(Saved data entries)
--- START ---
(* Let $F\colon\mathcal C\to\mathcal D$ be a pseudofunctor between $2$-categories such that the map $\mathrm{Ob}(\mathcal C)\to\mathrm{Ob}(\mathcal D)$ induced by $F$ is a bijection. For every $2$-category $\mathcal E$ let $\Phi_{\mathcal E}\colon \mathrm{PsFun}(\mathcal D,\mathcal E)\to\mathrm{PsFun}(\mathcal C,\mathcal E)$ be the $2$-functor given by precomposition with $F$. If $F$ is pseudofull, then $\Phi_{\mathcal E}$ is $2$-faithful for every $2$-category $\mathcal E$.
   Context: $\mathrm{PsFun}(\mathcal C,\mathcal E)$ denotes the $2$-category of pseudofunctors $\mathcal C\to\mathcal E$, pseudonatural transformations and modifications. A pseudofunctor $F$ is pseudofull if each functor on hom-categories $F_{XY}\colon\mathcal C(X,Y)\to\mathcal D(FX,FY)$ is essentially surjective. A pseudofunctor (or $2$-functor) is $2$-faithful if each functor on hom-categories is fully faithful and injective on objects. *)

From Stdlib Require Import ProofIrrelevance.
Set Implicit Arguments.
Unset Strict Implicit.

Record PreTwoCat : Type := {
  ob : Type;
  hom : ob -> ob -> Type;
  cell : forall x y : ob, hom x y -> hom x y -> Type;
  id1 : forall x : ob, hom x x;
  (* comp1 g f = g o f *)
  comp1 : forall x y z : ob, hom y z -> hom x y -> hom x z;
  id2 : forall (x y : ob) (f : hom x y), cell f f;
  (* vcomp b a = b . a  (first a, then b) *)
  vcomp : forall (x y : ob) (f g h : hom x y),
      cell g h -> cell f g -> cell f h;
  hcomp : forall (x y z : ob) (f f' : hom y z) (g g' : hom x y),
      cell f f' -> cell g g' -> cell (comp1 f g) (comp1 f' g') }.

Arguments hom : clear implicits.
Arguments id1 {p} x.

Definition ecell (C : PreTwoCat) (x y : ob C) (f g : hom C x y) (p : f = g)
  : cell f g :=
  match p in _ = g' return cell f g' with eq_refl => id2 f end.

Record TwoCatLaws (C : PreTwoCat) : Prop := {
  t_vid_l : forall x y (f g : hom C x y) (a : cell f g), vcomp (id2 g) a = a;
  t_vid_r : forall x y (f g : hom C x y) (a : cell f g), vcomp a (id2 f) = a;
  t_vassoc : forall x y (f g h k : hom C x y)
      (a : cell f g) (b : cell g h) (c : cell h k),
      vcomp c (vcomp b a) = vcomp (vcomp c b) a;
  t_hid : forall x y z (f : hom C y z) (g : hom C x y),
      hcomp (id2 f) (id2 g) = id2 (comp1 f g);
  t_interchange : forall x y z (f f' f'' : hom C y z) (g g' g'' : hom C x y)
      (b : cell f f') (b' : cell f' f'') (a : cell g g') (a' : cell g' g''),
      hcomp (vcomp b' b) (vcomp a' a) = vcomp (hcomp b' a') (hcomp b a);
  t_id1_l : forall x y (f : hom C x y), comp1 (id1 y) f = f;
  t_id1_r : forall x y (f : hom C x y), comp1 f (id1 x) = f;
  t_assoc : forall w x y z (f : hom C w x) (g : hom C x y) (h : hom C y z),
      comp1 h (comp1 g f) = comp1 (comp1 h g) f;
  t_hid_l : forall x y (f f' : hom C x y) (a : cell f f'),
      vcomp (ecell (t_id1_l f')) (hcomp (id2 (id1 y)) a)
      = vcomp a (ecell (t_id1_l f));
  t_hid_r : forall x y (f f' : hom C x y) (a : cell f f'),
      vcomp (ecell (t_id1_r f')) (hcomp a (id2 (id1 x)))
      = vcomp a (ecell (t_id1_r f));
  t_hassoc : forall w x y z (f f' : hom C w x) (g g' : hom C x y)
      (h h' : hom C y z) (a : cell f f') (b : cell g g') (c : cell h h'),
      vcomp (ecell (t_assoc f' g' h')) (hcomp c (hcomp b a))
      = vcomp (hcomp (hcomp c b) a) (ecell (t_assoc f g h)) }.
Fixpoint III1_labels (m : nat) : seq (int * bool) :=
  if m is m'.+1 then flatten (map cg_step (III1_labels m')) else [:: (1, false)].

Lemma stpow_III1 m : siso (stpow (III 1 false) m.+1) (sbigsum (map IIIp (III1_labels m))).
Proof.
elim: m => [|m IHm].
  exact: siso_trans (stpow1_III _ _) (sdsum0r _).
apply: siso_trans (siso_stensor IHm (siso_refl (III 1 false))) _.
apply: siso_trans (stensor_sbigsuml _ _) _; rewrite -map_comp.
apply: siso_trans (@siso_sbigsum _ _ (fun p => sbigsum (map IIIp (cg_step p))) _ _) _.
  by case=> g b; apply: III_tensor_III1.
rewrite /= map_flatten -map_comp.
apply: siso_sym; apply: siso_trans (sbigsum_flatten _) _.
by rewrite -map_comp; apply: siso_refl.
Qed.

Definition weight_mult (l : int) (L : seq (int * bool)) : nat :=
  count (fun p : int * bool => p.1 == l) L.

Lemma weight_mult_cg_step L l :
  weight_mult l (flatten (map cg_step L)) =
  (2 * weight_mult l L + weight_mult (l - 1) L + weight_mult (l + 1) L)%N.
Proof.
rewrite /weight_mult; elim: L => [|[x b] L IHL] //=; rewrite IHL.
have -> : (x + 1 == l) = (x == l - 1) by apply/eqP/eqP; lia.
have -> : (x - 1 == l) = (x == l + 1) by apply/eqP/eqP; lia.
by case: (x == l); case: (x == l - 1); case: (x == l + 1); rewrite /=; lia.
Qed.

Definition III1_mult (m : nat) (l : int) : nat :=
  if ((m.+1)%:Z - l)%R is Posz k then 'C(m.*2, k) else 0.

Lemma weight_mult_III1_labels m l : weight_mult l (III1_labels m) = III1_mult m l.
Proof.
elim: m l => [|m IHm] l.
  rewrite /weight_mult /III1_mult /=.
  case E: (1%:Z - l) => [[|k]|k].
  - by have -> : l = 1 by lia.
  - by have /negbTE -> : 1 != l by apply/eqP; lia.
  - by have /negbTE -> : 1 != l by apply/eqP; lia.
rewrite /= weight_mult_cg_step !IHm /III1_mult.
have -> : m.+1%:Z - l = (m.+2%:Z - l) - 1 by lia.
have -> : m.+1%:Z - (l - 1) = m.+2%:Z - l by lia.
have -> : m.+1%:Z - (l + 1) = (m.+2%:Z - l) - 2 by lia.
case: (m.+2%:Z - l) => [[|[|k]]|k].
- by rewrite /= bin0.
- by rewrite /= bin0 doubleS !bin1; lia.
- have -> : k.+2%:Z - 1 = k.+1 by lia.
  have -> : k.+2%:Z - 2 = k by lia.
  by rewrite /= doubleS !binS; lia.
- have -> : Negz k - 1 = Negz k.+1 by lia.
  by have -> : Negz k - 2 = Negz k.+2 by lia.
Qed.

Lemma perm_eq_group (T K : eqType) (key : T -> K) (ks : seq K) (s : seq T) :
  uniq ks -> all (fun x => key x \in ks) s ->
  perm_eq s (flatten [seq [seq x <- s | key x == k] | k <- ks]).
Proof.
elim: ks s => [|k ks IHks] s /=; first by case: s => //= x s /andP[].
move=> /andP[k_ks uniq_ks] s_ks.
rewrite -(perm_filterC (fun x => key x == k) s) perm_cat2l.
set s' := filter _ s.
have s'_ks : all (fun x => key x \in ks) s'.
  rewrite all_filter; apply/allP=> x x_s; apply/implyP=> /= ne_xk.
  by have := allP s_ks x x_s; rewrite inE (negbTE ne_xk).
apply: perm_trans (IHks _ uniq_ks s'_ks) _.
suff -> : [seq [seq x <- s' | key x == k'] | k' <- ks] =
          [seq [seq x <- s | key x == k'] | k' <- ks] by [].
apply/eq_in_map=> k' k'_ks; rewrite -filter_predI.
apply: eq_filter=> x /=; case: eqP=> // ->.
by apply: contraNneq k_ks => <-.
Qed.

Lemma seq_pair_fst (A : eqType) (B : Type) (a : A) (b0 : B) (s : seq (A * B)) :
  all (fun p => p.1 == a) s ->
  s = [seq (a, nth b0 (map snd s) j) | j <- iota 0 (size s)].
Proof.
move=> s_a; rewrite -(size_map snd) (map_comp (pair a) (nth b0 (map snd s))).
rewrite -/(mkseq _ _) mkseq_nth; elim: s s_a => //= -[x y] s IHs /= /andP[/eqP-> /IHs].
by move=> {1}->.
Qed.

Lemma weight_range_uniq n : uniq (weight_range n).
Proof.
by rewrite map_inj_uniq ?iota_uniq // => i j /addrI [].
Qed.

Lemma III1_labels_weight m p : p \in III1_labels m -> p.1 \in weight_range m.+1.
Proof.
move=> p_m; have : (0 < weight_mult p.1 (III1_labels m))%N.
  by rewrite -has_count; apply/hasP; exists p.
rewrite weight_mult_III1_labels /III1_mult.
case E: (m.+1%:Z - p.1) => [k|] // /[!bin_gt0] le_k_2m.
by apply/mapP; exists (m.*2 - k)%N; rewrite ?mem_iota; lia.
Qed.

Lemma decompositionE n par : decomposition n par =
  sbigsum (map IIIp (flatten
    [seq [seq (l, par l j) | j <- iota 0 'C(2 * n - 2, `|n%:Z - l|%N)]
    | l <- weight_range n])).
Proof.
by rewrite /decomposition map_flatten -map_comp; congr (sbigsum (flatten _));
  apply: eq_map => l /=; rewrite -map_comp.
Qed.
--- END ---
▶ _HOW TO COMPLETE THIS TASK_:
In the entries above, find every line with the word "case" and list it.

▶ _ANSWER TO THIS EXERCISE_:
  by case=> g b; apply: III_tensor_III1.
by case: (x == l); case: (x == l - 1); case: (x == l + 1); rewrite /=; lia.
  case E: (1%:Z - l) => [[|k]|k].
case: (m.+2%:Z - l) => [[|[|k]]|k].
elim: ks s => [|k ks IHks] s /=; first by case: s => //= x s /andP[].
apply: eq_filter=> x /=; case: eqP=> // ->.
case E: (m.+1%:Z - p.1) => [k|] // /[!bin_gt0] le_k_2m.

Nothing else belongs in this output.